After 2022, revenue deteriorated. Sales fell by 15% in 2023 and then dropped by 20% or more in each of the next two years. The popularity Allbirds once enjoyed faded quickly. By the end of March 2026, Allbirds’ market capitalization had declined to roughly $23 million—a roughly 98% drawdown from its highs.
At the end of March, Allbirds agreed to sell “substantially all” of its assets and intellectual property to American Exchange Group for $39 million.
In short, Allbirds is exiting the shoe business. About two weeks later, the company announced it had agreed to sell up to $50 million of convertible debt to an unnamed institutional investor. That financing will allow the company—now operating as NewBird AI—to pursue its AI strategy.
NewBird AI: The Latest Addition to the “GPU as a Service” Market
NewBird AI intends to use the investor funding to purchase NVIDIA (NASDAQ: NVDA) graphics processing units (GPUs). The plan is to operate a GPU-as-a-service business, renting GPUs to customers running AI workloads. That is essentially the same model Microsoft and many hyperscalers use within their cloud businesses. Companies like CoreWeave (NASDAQ: CRWV)follow a similar approach; NewBird describes itself as a “neo-cloud,” a label often applied to CoreWeave.
It’s important to note that NewBird has not yet received the full $50 million commitment. So far the company has received $3.25 million, which it used to buy NVIDIA Blackwell GPUs. NewBird is leasing these GPUs to a customer under a $2.75 million, three-year deal. It’s unclear whether the entire $3.25 million in GPUs was allocated to that single customer; if it was, the economics look challenging—especially once the 12% annual interest on the convertible debt and other operating costs are considered.
The company will receive an additional $2 million pending a May 18 shareholder meeting, where shareholders will also vote to approve the shoe sale. The remaining $44.75 million, however, is fully at the option of the institutional investor. That suggests the investor wants to see how NewBird’s initial GPU deployments perform before committing more capital—a cautious stance rather than a full endorsement.
NewBird’s AI Strategy Raises Significant Questions
NewBird states, “North American data center vacancy rates have reached historic lows, and market-wide compute capacity coming online through mid-2026 is already fully committed.
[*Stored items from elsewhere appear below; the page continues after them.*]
(* If $E$ is a pseudo effect algebra satisfying (RDP), then its state space $\mathcal S(E)$ is either empty or a nonempty Choquet simplex (with respect to the weak topology).
   Context: Pseudo effect algebra: partial algebra $(E;+,0,1)$ such that for all $a,b,c$: (i) $a+b$ and $(a+b)+c$ exist iff $b+c$ and $a+(b+c)$ exist, and then they are equal; (ii) there is exactly one $d$ and one $e$ with $a+d=e+a=1$; (iii) if $a+b$ exists there are $d,e$ with $a+b=d+a=b+e$; (iv) if $1+a$ or $a+1$ exists then $a=0$. (RDP): whenever $a_1+a_2=b_1+b_2$ there are $d_1,\dots,d_4$ with $d_1+d_2=a_1$, $d_3+d_4=a_2$, $d_1+d_3=b_1$, $d_2+d_4=b_2$. A state is a map $s:E\to[0,\infty)$ with $s(a+b)=s(a)+s(b)$ whenever $a+b$ is defined and $s(1)=1$; $\mathcal S(E)$ is the set of states, a convex subset of $\mathbb R^E$, with the weak topology of pointwise convergence (it is compact Hausdorff). A convex cone $C$ in a real vector space $V$ is strict if $C\cap -C=\{0\}$; it induces the order $x\le_C y$ iff $y-x\in C$; it is a lattice cone if $C$ is a lattice under $\le_C$. A base of $C$ is a convex $K\subseteq C$ such that every nonzero $y\in C$ is uniquely $y=\alpha x$ with $\alpha>0$, $x\in K$. A simplex is a convex set affinely isomorphic to a base of a lattice cone in some real vector space; a Choquet simplex is a compact simplex in a locally convex Hausdorff space. *)

From Stdlib Require Import Reals List.
Open Scope R_scope.
Set Implicit Arguments.

(* The partial operation + is modelled as [add : E -> E -> option E];
   [add a b = Some c] means "a+b is defined and equals c". *)

Definition defined {E : Type} (add : E -> E -> option E) (a b : E) : Prop :=
  exists c, add a b = Some c.

Definition is_pseudo_effect_algebra {E : Type} (add : E -> E -> option E)
    (zero one : E) : Prop :=
  (forall a b c,
      (exists ab, add a b = Some ab /\ defined add ab c) <->
      (exists bc, add b c = Some bc /\ defined add a bc)) /\
  (forall a b c ab bc x y,
      add a b = Some ab -> add ab c = Some x ->
      add b c = Some bc -> add a bc = Some y -> x = y) /\
  (forall a, (exists d, add a d = Some one /\ forall d', add a d' = Some one -> d' = d) /\
             (exists e, add e a = Some one /\ forall e', add e' a = Some one -> e' = e)) /\
  (forall a b s, add a b = Some s ->
      exists d e, add d a = Some s /\ add b e = Some s) /\
  (forall a, (defined add one a \/ defined add a one) -> a = zero).

Definition RDP {E : Type} (add : E -> E -> option E) : Prop :=
  forall a1 a2 b1 b2 s, add a1 a2 = Some s -> add b1 b2 = Some s ->
    exists d1 d2 d3 d4,
      add d1 d2 = Some a1 /\ add d3 d4 = Some a2 /\
      add d1 d3 = Some b1 /\ add d2 d4 = Some b2.

Definition is_state {E : Type} (add : E -> E -> option E) (one : E)
    (s : E -> R) : Prop :=
  (forall a, 0 <= s a) /\
  (forall a b c, add a b = Some c -> s c = s a + s b) /\
  s one = 1.

Record RVectorSpace := {
  vcar :> Type;
  vadd : vcar -> vcar -> vcar;
  vzero : vcar;
  vopp : vcar -> vcar;
  vscal : R -> vcar -> vcar;
  vaddA : forall x y z, vadd x (vadd y z) = vadd (vadd x y) z;
  vaddC : forall x y, vadd x y = vadd y x;
  vadd0 : forall x, vadd x vzero = x;
  vaddN : forall x, vadd x (vopp x) = vzero;
  vscal1 : forall x, vscal 1 x = x;
  vscalA : forall a b x, vscal a (vscal b x) = vscal (a * b) x;
  vscalDr : forall a x y, vscal a (vadd x y) = vadd (vscal a x) (vscal a y);
  vscalDl : forall a b x, vscal (a + b) x = vadd (vscal a x) (vscal b x)
}.

Section Cones.
Context {W : RVectorSpace}.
The result is a market where enterprises, AI developers, and research organizations are unable to secure the compute resources they need to build, train and run AI at scale. NewBird AI is being built to help close that gap.”
In other words, the firm argues that mainstream data centers lack spare capacity, leaving smaller AI developers with limited options—these smaller players appear to be NewBird’s target customers.
But serving those customers requires buying GPUs, which raises a key question: if larger AI providers can’t obtain enough GPUs, why would a small entrant like NewBird be able to? One possibility is that NewBird plans to acquire stranded GPU assets—for example, equipment from former crypto miners. The company will need to provide more detail about sourcing, pricing, and operations for its strategy to be credible.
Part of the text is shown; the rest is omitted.